Barbara Christian (224059)
Credit: Contributed

There was a collective gasp in the academic community, particularly among her associates, when Dr. Barbara Christian died at 56 in the summer of 2000. A promising career of research and further breakthroughs in the world of contemporary literary feminism and scholarship experienced an immeasurable blow, a terrible tear in that fabric of thought only a few successors have managed to mend.

“She was a path-breaking scholar,” said Percy Hintzen, chairman of the Department of African Studies at the University of California at Berkeley, upon learning of her death from cancer. “Nobody did more to bring Black women writers into academic and popular recognition.”

Christian’s arrival at such an esteemed plateau began in St. Thomas, U. S. Virgin Islands, where she was born Dec. 12, 1943. She came to the U.S. mainland at age 15 to attend Marquette University in Wisconsin. From 1965 to 1972, she taught at City College of New York. In 1970, she earned a Ph.D. in English literature from Columbia University.

After leaving City College, Christian was appointed an assistant professor at Berkeley and immediately played a key role in organizing the Black Studies department at the school. She chaired the department from 1978 to 1983 and subsequently chaired the Ethnic Studies doctoral program from 1986 to 1989.

Despite a workload of administrative duties, she found time to write and research extensively in Black women’s literature. Along with countless articles, she published her landmark study, “Black Women Novelists: The Development of a Tradition, 1892-1976,” in 1980, which was widely acclaimed. In this work, she highlighted the often ignored novels of Zora Neale Hurston, Nella Larsen and Jessie Fauset.

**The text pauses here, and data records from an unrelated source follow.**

(* Fix integers $P>1$ and $N\ge 1$, and set $L=N+P-1$. For $\mathbf{b}=[b_1,\dots,b_N]^T\in\{\pm1\}^N$ let $\mathbf{B}$ be the $L\times P$ matrix whose $j$th column ($1\le j\le P$) is $[\underbrace{0,\dots,0}_{j-1},b_1,\dots,b_N,\underbrace{0,\dots,0}_{P-j}]^T$. For $\mathbf{c}=(c_1,\dots,c_{P-1})\in\{\pm1\}^{P-1}$ let $\mathbf{G}(\mathbf{c})$ be the symmetric $P\times P$ Toeplitz matrix with all diagonal entries equal to $N$ and $(i,j)$ entry $c_{|i-j|}$ for $i\ne j$. For a prefix $\mathbf{b}_{(\ell)}=[b_1,\dots,b_\ell]\in\{\pm1\}^\ell$ ($1\le\ell\le N$), let $\mathcal{A}(\mathbf{b}_{(\ell)}\mid\mathbf{G}(\mathbf{c}))$ be the set of all $\mathbf{b}'\in\{\pm1\}^N$ whose first $\ell$ entries equal $b_1,\dots,b_\ell$ and whose associated matrix $\mathbf{B}'$ satisfies $\mathbf{B}'^T\mathbf{B}'=\mathbf{G}(\mathbf{c})$. For an integer $k\ge 0$, an integer vector $\mathbf{q}=(q_1,\dots,q_{P-1})\in\mathbb{Z}^{P-1}$ and $d_{2-P},\dots,d_0\in\{-1,0,1\}$, let $A_k(\mathbf{q}\mid d_{2-P},\dots,d_0)$ be the number of $(d_1,\dots,d_k)\in\{\pm1\}^k$ such that $q_j=\sum_{i=1}^k d_{i-j}d_i$ for all $1\le j\le P-1$ (for $k=0$ this equals $1$ if $\mathbf{q}=\mathbf{0}$ and $0$ otherwise). Let $\mathbf{m}_\ell=(m_\ell^{(1)},\dots,m_\ell^{(P-1)})$ with $m_\ell^{(j)}=(b_1b_{j+1}+b_2b_{j+2}+\cdots+b_{\ell-j}b_\ell)\cdot\mathbf{1}\{\ell>j\}$, and use the convention $b_i=0$ for $i\le 0$. Then for $\ell=1,2,\dots,N$, $$|\mathcal{A}(\mathbf{b}_{(\ell)}\mid\mathbf{G}(\mathbf{c}))|=A_{N-\ell}\big(\mathbf{c}-\mathbf{m}_\ell\,\big|\,b_{\ell-P+2},\dots,b_\ell\big).$$
   Context: $\mathbf{1}\{\cdot\}$ denotes the indicator function. $\mathbf{B}$ is the convolution matrix of the codeword for a channel of memory order $P-1$; the diagonal entries of $\mathbf{B}^T\mathbf{B}$ all equal $N$ and its $(i,j)$ entry is the aperiodic autocorrelation $\sum_t b_tb_{t+|i-j|}$. *)

From mathcomp Require Import all_boot all_order all_algebra.
Set Implicit Arguments. Unset Strict Implicit. Unset Printing Implicit Defensive.
Import Order.TTheory GRing.Theory Num.Theory.
Local Open Scope ring_scope.

(* A sign vector in {+-1}^n is encoded as a finite function 'I_n -> bool,
   true |-> +1, false |-> -1. *)
Definition sgnb (x : bool) : int := if x then 1 else -1.

Definition sgnseq (n : nat) (x : {ffun 'I_n -> bool}) : seq int :=
  [seq sgnb (x i) | i <- enum 'I_n].

(* The L x P convolution matrix B, L = N + P - 1 (0-indexed):
   B i j = b_{i-j+1} (1-indexed b) if 0 <= i - j < N, else 0. *)
Definition convmx (N P : nat) (b : {ffun 'I_N -> bool}) : 'M[int]_(N + P - 1, P) :=
  \matrix_(i < N + P - 1, j < P)
    if (j <= i)%N && (i - j < N)%N then nth 0 (sgnseq b) (i - j) else 0.

Definition Gmx (N P : nat) (c : {ffun 'I_(P - 1) -> bool}) : 'M[int]_P :=
  \matrix_(i < P, j < P)
    if i == j then (N%:Z) else nth 0 (sgnseq c) ((maxn i j - minn i j).-1).

Definition Aset (N P : nat) (l : nat) (b : {ffun 'I_N -> bool})
    (c : {ffun 'I_(P - 1) -> bool}) : {set {ffun 'I_N -> bool}} :=
  [set b' : {ffun 'I_N -> bool} |
     [forall i : 'I_N, (i < l)%N ==> (b' i == b i)] &&
     ((convmx P b')^T *m convmx P b' == Gmx N c)].

(* A_k(q | d_{2-P},...,d_0): dpre t = d_{t+2-P} for t = 0..P-2, q j = q_{j+1}.
   The extended sequence s has s_t = d_{t+2-P}, so d_n = s_{n+P-2}. *)
Definition Acount (P k : nat) (q : 'I_(P - 1) -> int) (dpre : 'I_(P - 1) -> int) : nat :=
  #|[set d : {ffun 'I_k -> bool} |
     let s := [seq dpre t | t <- enum 'I_(P - 1)] ++ sgnseq d in
     [forall j : 'I_(P - 1),
        q j == \sum_(i < k) nth 0 s (i + P - 2 - j) * nth 0 s (i + P - 1)]]|.

(* m_l^{(j)} for j = j'+1 *)
Definition mvec (N P l : nat) (b : {ffun 'I_N -> bool}) (j : 'I_(P - 1)) : int :=
  if (j.+1 < l)%N then
    \sum_(i < l - j.+1) nth 0 (sgnseq b) i * nth 0 (sgnseq b) (i + j.+1)
  else 0.

(* b_n with convention b_n = 0 for n <= 0; bwin t = b_{l-P+2+t}, t = 0..P-2 *)
Definition bwin (N P l : nat) (b : {ffun 'I_N -> bool}) (t : 'I_(P - 1)) : int :=
  if (P - 2 < l + t)%N then nth 0 (sgnseq b) (l + t + 1 - P) else 0.

(* The Gram matrix B'^T B' is the Toeplitz matrix of the aperiodic
   autocorrelations of b', so B'^T B' = G(c) says exactly that the
   autocorrelation of b' at every lag j in 1..P-1 equals c_j (the diagonal
   N is automatic for a +-1 sequence).  Write b' = b_(l) ++ d with
   d in {+-1}^(N-l).  Splitting the lag-j autocorrelation according to
   whether the later factor b'_v has v <= l or v > l, the first part is
   m_l^(j), determined by the prefix, and the second is the lag-j
   autocorrelation of d seen through the window b_(l-P+2), ..., b_l.  Hence
   b' |-> d is a bijection from A(b_(l) | G(c)) onto the sequences counted by
   A_(N-l)(c - m_l | b_(l-P+2), ..., b_l). *)
From mathcomp Require Import all_boot all_order all_algebra.
From mathcomp Require Import zify.
Set Implicit Arguments. Unset Strict Implicit. Unset Printing Implicit Defensive.
Import Order.TTheory GRing.Theory Num.Theory.
Local Open Scope ring_scope.

Lemma nth_map_ord (T : Type) (x0 : T) n (f : 'I_n -> T) m (lt_mn : (m < n)%N) :
  nth x0 [seq f i | i <- enum 'I_n] m = f (Ordinal lt_mn).
Proof.
rewrite (nth_map (Ordinal lt_mn)) ?size_enum_ord //; congr f; apply: val_inj.
exact: nth_enum_ord.
Qed.

Lemma nth_map_ord_default (T : Type) (x0 : T) n (f : 'I_n -> T) m :
  (n <= m)%N -> nth x0 [seq f i | i <- enum 'I_n] m = x0.
Proof. by move=> le_nm; rewrite nth_default // size_map size_enum_ord. Qed.

Definition sgn_at n (x : {ffun 'I_n -> bool}) (m : nat) : int := nth 0 (sgnseq x) m.

Lemma sgn_at_default n (x : {ffun 'I_n -> bool}) m : (n <= m)%N -> sgn_at x m = 0.
Proof. exact: nth_map_ord_default. Qed.

Lemma sgn_atE n (x : {ffun 'I_n -> bool}) m (lt_mn : (m < n)%N) :
  sgn_at x m = sgnb (x (Ordinal lt_mn)).
Proof. exact: nth_map_ord. Qed.

Lemma sgn_at_ord n (x : {ffun 'I_n -> bool}) (i : 'I_n) : sgn_at x i = sgnb (x i).
Proof. by rewrite (sgn_atE x (ltn_ord i)); congr (sgnb (x _)); apply: val_inj. Qed.

Lemma sgnbK (a : bool) : sgnb a * sgnb a = 1.
Proof. by case: a. Qed.

Definition autocorr n (x : {ffun 'I_n -> bool}) (k : nat) : int :=
  \sum_(u < n) sgn_at x u * sgn_at x (u + k).

Lemma autocorr0 n (x : {ffun 'I_n -> bool}) : autocorr x 0 = n%:Z.
Proof.
rewrite /autocorr; under eq_bigr => u _ do rewrite addn0 sgn_at_ord sgnbK.
by rewrite sumr_const card_ord natz.
Qed.

Definition lag_prod n (x : {ffun 'I_n -> bool}) (k v : nat) : int :=
  if (k <= v)%N then sgn_at x (v - k) * sgn_at x v else 0.

Lemma lag_prod_default n (x : {ffun 'I_n -> bool}) k v : (n <= v)%N -> lag_prod x k v = 0.
Proof. by move=> le_nv; rewrite /lag_prod [sgn_at x v]sgn_at_default ?mulr0 ?if_same. Qed.

Lemma autocorr_lagE n (x : {ffun 'I_n -> bool}) k :
  autocorr x k = \sum_(0 <= v < n) lag_prod x k v.
Proof.
transitivity (\sum_(0 <= v < k + n) lag_prod x k v); last first.
  rewrite (big_cat_nat _ (n := n)) ?leq_addl //= [X in _ + X]big_nat_cond.
  rewrite [X in _ + X]big1 ?addr0 // => v /andP[/andP[le_nv _] _].
  exact: lag_prod_default.
rewrite (big_cat_nat _ (n := k)) ?leq_addr //= big_nat_cond big1 ?add0r; last first.
  by move=> v /andP[/andP[_ lt_vk] _]; rewrite /lag_prod leqNgt lt_vk.
rewrite -[X in \sum_(X <= _ < _) _](add0n k) big_addn addKn big_mkord.
by apply: eq_bigr => i _; rewrite /lag_prod leq_addl addnK addnC.
Qed.

Lemma convmxE N P (x : {ffun 'I_N -> bool}) i j :
  convmx P x i j = if (j <= i)%N then sgn_at x (i - j) else 0.
Proof.
rewrite mxE; case: (j <= i)%N => //=; case: ltnP => // le_N.
by rewrite [RHS]sgn_at_default.
Qed.

Lemma gram_convmxE N P (x : {ffun 'I_N -> bool}) (j j' : 'I_P) : (j <= j')%N ->
  ((convmx P x)^T *m convmx P x) j j' = autocorr x (j' - j).
Proof.
move=> le_jj'; have lt_j'P := ltn_ord j'; rewrite mxE.
under eq_bigr => i _ do rewrite mxE !convmxE.
rewrite -(big_mkord xpredT (fun i => (if (j <= i)%N then sgn_at x (i - j) else 0) *
   (if (j' <= i)%N then sgn_at x (i - j') else 0))).
rewrite (big_cat_nat _ (n := j')) //=; last by lia.
rewrite big_nat_cond big1 ?add0r; last first.
  by move=> i /andP[/andP[_ lt_ij'] _]; rewrite [(j' <= i)%N]leqNgt lt_ij' mulr0.
rewrite (eq_big_nat _ _ (F2 := fun i => sgn_at x (i - j) * sgn_at x (i - j'))); last first.
  by move=> i /andP[le_j'i _]; rewrite le_j'i (leq_trans le_jj' le_j'i).
rewrite -{1}(add0n j') big_addn.
rewrite (big_cat_nat _ (n := N)) //=; last by lia.
rewrite [X in _ + X]big_nat_cond [X in _ + X]big1 ?addr0; last first.
  by move=> i /andP[/andP[le_Ni _] _]; rewrite addnK [sgn_at x i]sgn_at_default ?mulr0.
by rewrite big_mkord; apply: eq_bigr => i _; rewrite addnK mulrC addnBA.
Qed.

Lemma GmxE (N P : nat) (c : {ffun 'I_(P - 1) -> bool}) (j j' : 'I_P) (k : 'I_(P - 1)) :
  (j' = j + k.+1 :> nat)%N -> Gmx N c j j' = sgnb (c k).
Proof.
move=> def_j'; rewrite mxE ifN; last by rewrite -val_eqE /= def_j'; lia.
by rewrite (_ : _.-1 = k); [exact: sgn_at_ord | lia].
Qed.

Lemma gram_convmx_eq_Gmx N P (x : {ffun 'I_N -> bool}) (c : {ffun 'I_(P - 1) -> bool}) :
  ((convmx P x)^T *m convmx P x == Gmx N c) =
  [forall k : 'I_(P - 1), autocorr x k.+1 == sgnb (c k)].
Proof.
have lt_P k : (k < P - 1)%N -> (0 < P)%N /\ (k.+1 < P)%N by lia.
apply/eqP/forallP => [gramE k | autocorrE].
  have [lt0P lt_kP] := lt_P k (ltn_ord k).
  have := congr1 (fun M : 'M[int]_P => M (Ordinal lt0P) (Ordinal lt_kP)) gramE.
  by rewrite /= gram_convmxE //= subn0 (@GmxE N P c _ _ k) // => ->.
apply/matrixP => j j'.
wlog le_jj' : j j' / (j <= j')%N.
  move=> sym_case; case: (leqP j j') => [|/ltnW]; first exact: sym_case.
  have gram_sym : ((convmx P x)^T *m convmx P x)^T = (convmx P x)^T *m convmx P x.
    by rewrite trmx_mul trmxK.
  move/sym_case => gramE; rewrite -gram_sym mxE gramE.
  by rewrite !mxE eq_sym maxnC minnC.
rewrite gram_convmxE //; case: (eqVneq j j') => [<-|ne_jj'].
  by rewrite subnn autocorr0 mxE eqxx.
have lt_jj' : (j < j')%N by rewrite ltn_neqAle ne_jj'.
have lt_k : (j' - j - 1 < P - 1)%N by have := ltn_ord j'; lia.
rewrite (@GmxE N P c _ _ (Ordinal lt_k)) /=; last by lia.
by rewrite -(eqP (autocorrE (Ordinal lt_k))) /=; congr autocorr; lia.
Qed.

Section Splice.

Variables (N l : nat) (b : {ffun 'I_N -> bool}).

Definition splice (d : {ffun 'I_(N - l) -> bool}) : {ffun 'I_N -> bool} :=
  [ffun i : 'I_N => if (i < l)%N then b i else nth false (fgraph d) (i - l)].

Definition drop_prefix (x : {ffun 'I_N -> bool}) : {ffun 'I_(N - l) -> bool} :=
  [ffun k : 'I_(N - l) => nth false (fgraph x) (k + l)].

Lemma splice_prefix d (i : 'I_N) : (i < l)%N -> splice d i = b i.
Proof. by move=> lt_il; rewrite ffunE lt_il. Qed.

Lemma sgn_at_splice d n :
  sgn_at (splice d) n = if (n < l)%N then sgn_at b n else sgn_at d (n - l).
Proof.
case: (ltnP n N) => [lt_nN | le_Nn]; last first.
  by rewrite !sgn_at_default ?if_same //; lia.
rewrite (sgn_atE _ lt_nN) ffunE /=; case: ifP => lt_nl; first by rewrite (sgn_atE b lt_nN).
have lt_k : (n - l < N - l)%N by move/negbT: lt_nl; lia.
by rewrite (sgn_atE d lt_k) (nth_fgraph_ord _ (Ordinal lt_k)).
Qed.

Lemma drop_prefixK : cancel splice drop_prefix.
Proof.
move=> d; apply/ffunP => k; have lt_kN : (k + l < N)%N by have := ltn_ord k; lia.
rewrite ffunE (nth_fgraph_ord _ (Ordinal lt_kN)) ffunE /= ifF; last by lia.
have lt_k : (k + l - l < N - l)%N by rewrite addnK.
by rewrite (nth_fgraph_ord _ (Ordinal lt_k)); congr (d _); apply: val_inj => /=; lia.
Qed.

Lemma splice_drop_prefix (x : {ffun 'I_N -> bool}) :
  (forall i : 'I_N, (i < l)%N -> x i = b i) -> splice (drop_prefix x) = x.
Proof.
move=> x_prefix; apply/ffunP => i; rewrite ffunE; case: ifP => lt_il; first by rewrite x_prefix.
have lt_k : (i - l < N - l)%N by have := ltn_ord i; move/negbT: lt_il; lia.
have lt_iN : (i - l + l < N)%N by have := ltn_ord i; move/negbT: lt_il; lia.
rewrite (nth_fgraph_ord _ (Ordinal lt_k)) ffunE (nth_fgraph_ord _ (Ordinal lt_iN)).
by congr (x _); apply: val_inj => /=; move/negbT: lt_il; lia.
Qed.

Variable P : nat.
Hypothesis lt0P : (0 < P)%N.

(* The sequence (d_{2-P}, ..., d_{N-l}) of the definition of A_(N-l), with
   the window b_(l-P+2), ..., b_l in front of d; see [nth_window_seq]. *)
Definition window_seq (d : {ffun 'I_(N - l) -> bool}) : seq int :=
  [seq @bwin N P l b t | t <- enum 'I_(P - 1)] ++ sgnseq d.

Lemma nth_window_seq d m :
  nth 0 (window_seq d) m =
  if (P - 1 <= m + l)%N then sgn_at (splice d) (m + l + 1 - P) else 0.
Proof.
rewrite nth_cat size_map size_enum_ord sgn_at_splice; case: ltnP => [lt_mP | le_Pm].
  rewrite (nth_map_ord _ _ lt_mP) /bwin /= addnC.
  have -> : (P - 2 < m + l)%N = (P - 1 <= m + l)%N by apply/idP/idP; lia.
  by case: ifP => // le_Pml; rewrite ifT //; lia.
rewrite ifT; last by lia.
by rewrite ifF; [congr (sgn_at d _) | ]; lia.
Qed.

Variable k : 'I_(P - 1).

Lemma lag_sum_prefix d : \sum_(0 <= v < l) lag_prod (splice d) k.+1 v = @mvec N P l b k.
Proof.
rewrite /mvec; case: ltnP => [lt_kl | le_lk]; last first.
  by rewrite big_nat_cond big1 // => v /andP[/andP[_ lt_vl] _]; rewrite /lag_prod ifF //; lia.
rewrite (big_cat_nat _ (n := k.+1)) //=; last exact: ltnW.
rewrite big_nat_cond big1 ?add0r; last first.
  by move=> v /andP[/andP[_ lt_vk] _]; rewrite /lag_prod leqNgt lt_vk.
rewrite -[X in \sum_(X <= _ < _) _](add0n k.+1) big_addn big_mkord.
apply: eq_bigr => i _; have lt_i := ltn_ord i.
by rewrite /lag_prod leq_addl addnK addnC !sgn_at_splice !ifT //; lia.
Qed.

Lemma lag_sum_suffix d :
  \sum_(l <= v < N) lag_prod (splice d) k.+1 v =
  \sum_(i < N - l) nth 0 (window_seq d) (i + P - 2 - k) * nth 0 (window_seq d) (i + P - 1).
Proof.
have lt_kP := ltn_ord k.
rewrite -[X in \sum_(X <= _ < _) _](add0n l) big_addn big_mkord.
apply: eq_bigr => i _; rewrite !nth_window_seq /lag_prod [in X in _ = _ * X]ifT; last by lia.
have -> : (P - 1 <= i + P - 2 - k + l)%N = (k < i + l)%N by apply/idP/idP; lia.
case: ifP => [lt_ki | _]; last by rewrite mul0r.
by apply: f_equal2; apply: congr1; lia.
Qed.

Lemma autocorr_splice d : (l <= N)%N ->
  autocorr (splice d) k.+1 =
  @mvec N P l b k +
  \sum_(i < N - l) nth 0 (window_seq d) (i + P - 2 - k) * nth 0 (window_seq d) (i + P - 1).
Proof.
by move=> le_lN; rewrite autocorr_lagE (big_cat_nat _ (n := l)) //= lag_sum_prefix lag_sum_suffix.
Qed.

End Splice.

Lemma Aset_splice N P l (b : {ffun 'I_N -> bool}) (c : {ffun 'I_(P - 1) -> bool}) :
  @Aset N P l b c =
  splice b @: [set d : {ffun 'I_(N - l) -> bool} |
                [forall k : 'I_(P - 1), autocorr (splice b d) k.+1 == sgnb (c k)]].
Proof.
apply/setP => x; rewrite inE gram_convmx_eq_Gmx.
apply/andP/imsetP => [[/forallP x_prefix x_autocorr] | [d d_autocorr ->]].
  have x_prefixE (i : 'I_N) : (i < l)%N -> x i = b i.
    by move=> lt_il; apply/eqP/(implyP (x_prefix i)).
  by exists (drop_prefix l x); rewrite ?inE splice_drop_prefix.
split; last by move: d_autocorr; rewrite inE.
by apply/forallP => i; apply/implyP => lt_il; rewrite splice_prefix.
Qed.

Theorem lemma4 (P N : nat) (hP : (1 < P)%N) (hN : (1 <= N)%N)
    (b : {ffun 'I_N -> bool}) (c : {ffun 'I_(P - 1) -> bool})
    (l : nat) (hl1 : (1 <= l)%N) (hlN : (l <= N)%N) :
  #|@Aset N P l b c| =
  @Acount P (N - l) (fun j => sgnb (c j) - @mvec N P l b j) (@bwin N P l b).
Proof.
rewrite Aset_splice card_imset; last exact: can_inj (drop_prefixK b).
apply: eq_card => d; rewrite !inE; apply: eq_forallb => k.
by rewrite autocorr_splice ?(ltnW hP) // eq_sym addrC subr_eq.
Qed.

In the preface of the book, Christian wrote, “In 1974, I had an opportunity to develop a course on Black women writers at the University of California at Berkeley. Black women students there were also seeking some evidence of their own history and experience in the books they were reading. So they asked that such a course be developed. In the process of researching that course, I began to see the recurrence of certain images (images I had seen before but did not fully understand) that needed some thought, some analysis. These images and reactions to them permeated the works by Black women. I found, not surprisingly that very little work had been done on the Black woman in literature and that she seldom appeared in a focal position in the Black novel.”

What she distilled in this book and her essays was shared with her students in the classroom. In the anthology “But Some of Us Are Brave—Black Women’s Studies,” edited by Gloria T. Hull, Patricia Bell Scott and Barbara Smith, there is a sample of Christian’s syllabus of a course she developed on the works of Alice Walker. Her expressed purpose she said was to define Walker’s role as a writer and a revolutionary visionary of Black feminism.

Very few seminars and symposiums on gender, race and Black feminism occurred without Christian’s presence. Her reputation expanded with the publication of “The Race for Theory,” which challenged the increasing domination of African-American literary study by theorists who seemed to displace both writers and their writing, one article noted. She wrote that she had been “convinced that there has been a takeover in the literary world by Western philosophers from the old literary elite, the neutral humanists. Philosophers have been able to effect such a takeover because so much of the literature of the West has become palled, laden with despair, self-indulgent and disconnected.”

Embarking in yet another intellectual arena didn’t minimize her concerns on campus, where she was the first African-American woman to be granted tenure at Berkeley in 1978 and the first to receive the campus’s Distinguished Teaching Award in 1991. She garnered another first when she was promoted to full professor in 1986 and in the same year awarded the college’s highest honor, the Berkeley Citation.

It is simply amazing that Christian’s pioneering ideas and analysis of Black women’s literature or her theoretical conclusions have been virtually ignored by contemporary thinkers. She is at least cited in Calvin Hernton’s “The Sexual Mountain and Black Women Writers—Adventures in Sex, Literature and Real Life.” He places Christian in a collective category he defines “as the Oral-Poetic-Narrative Tradition of Black women.”

Interestingly, the loop of Christian’s life back to Alice Walker, who she had championed in the classroom, was renewed when Walker’s book “The Color Purple” reached the screen. Christian was among the critics, friends and associates Walker assembled to help her to decide to allow Hollywood, particularly Quincy Jones and Steven Spielberg, to make a film based on the book. Most of those assembled voted against having Hollywood interpret the book, basing their decision on the industry’s travesties of the past. Christian said, “If we always refuse, how will we ever know? What will we change if we don’t take a risk?” In a letter to Christian, who at first had disliked the film, Walker wrote, “But mainly Barbara, let it go. I trust the universe on this one completely. And it—I feel—is not displeased. I know your concern is out of love for me and my work, and I love you for that. But it really is all right. Jah knows.” In a postscript, Walker added, “And don’t feel bad that you encouraged taking a chance—I’m very glad you did. But I took it, so you are not responsible.”

Taking a chance was the hallmark of Christian’s intrepid and productive life.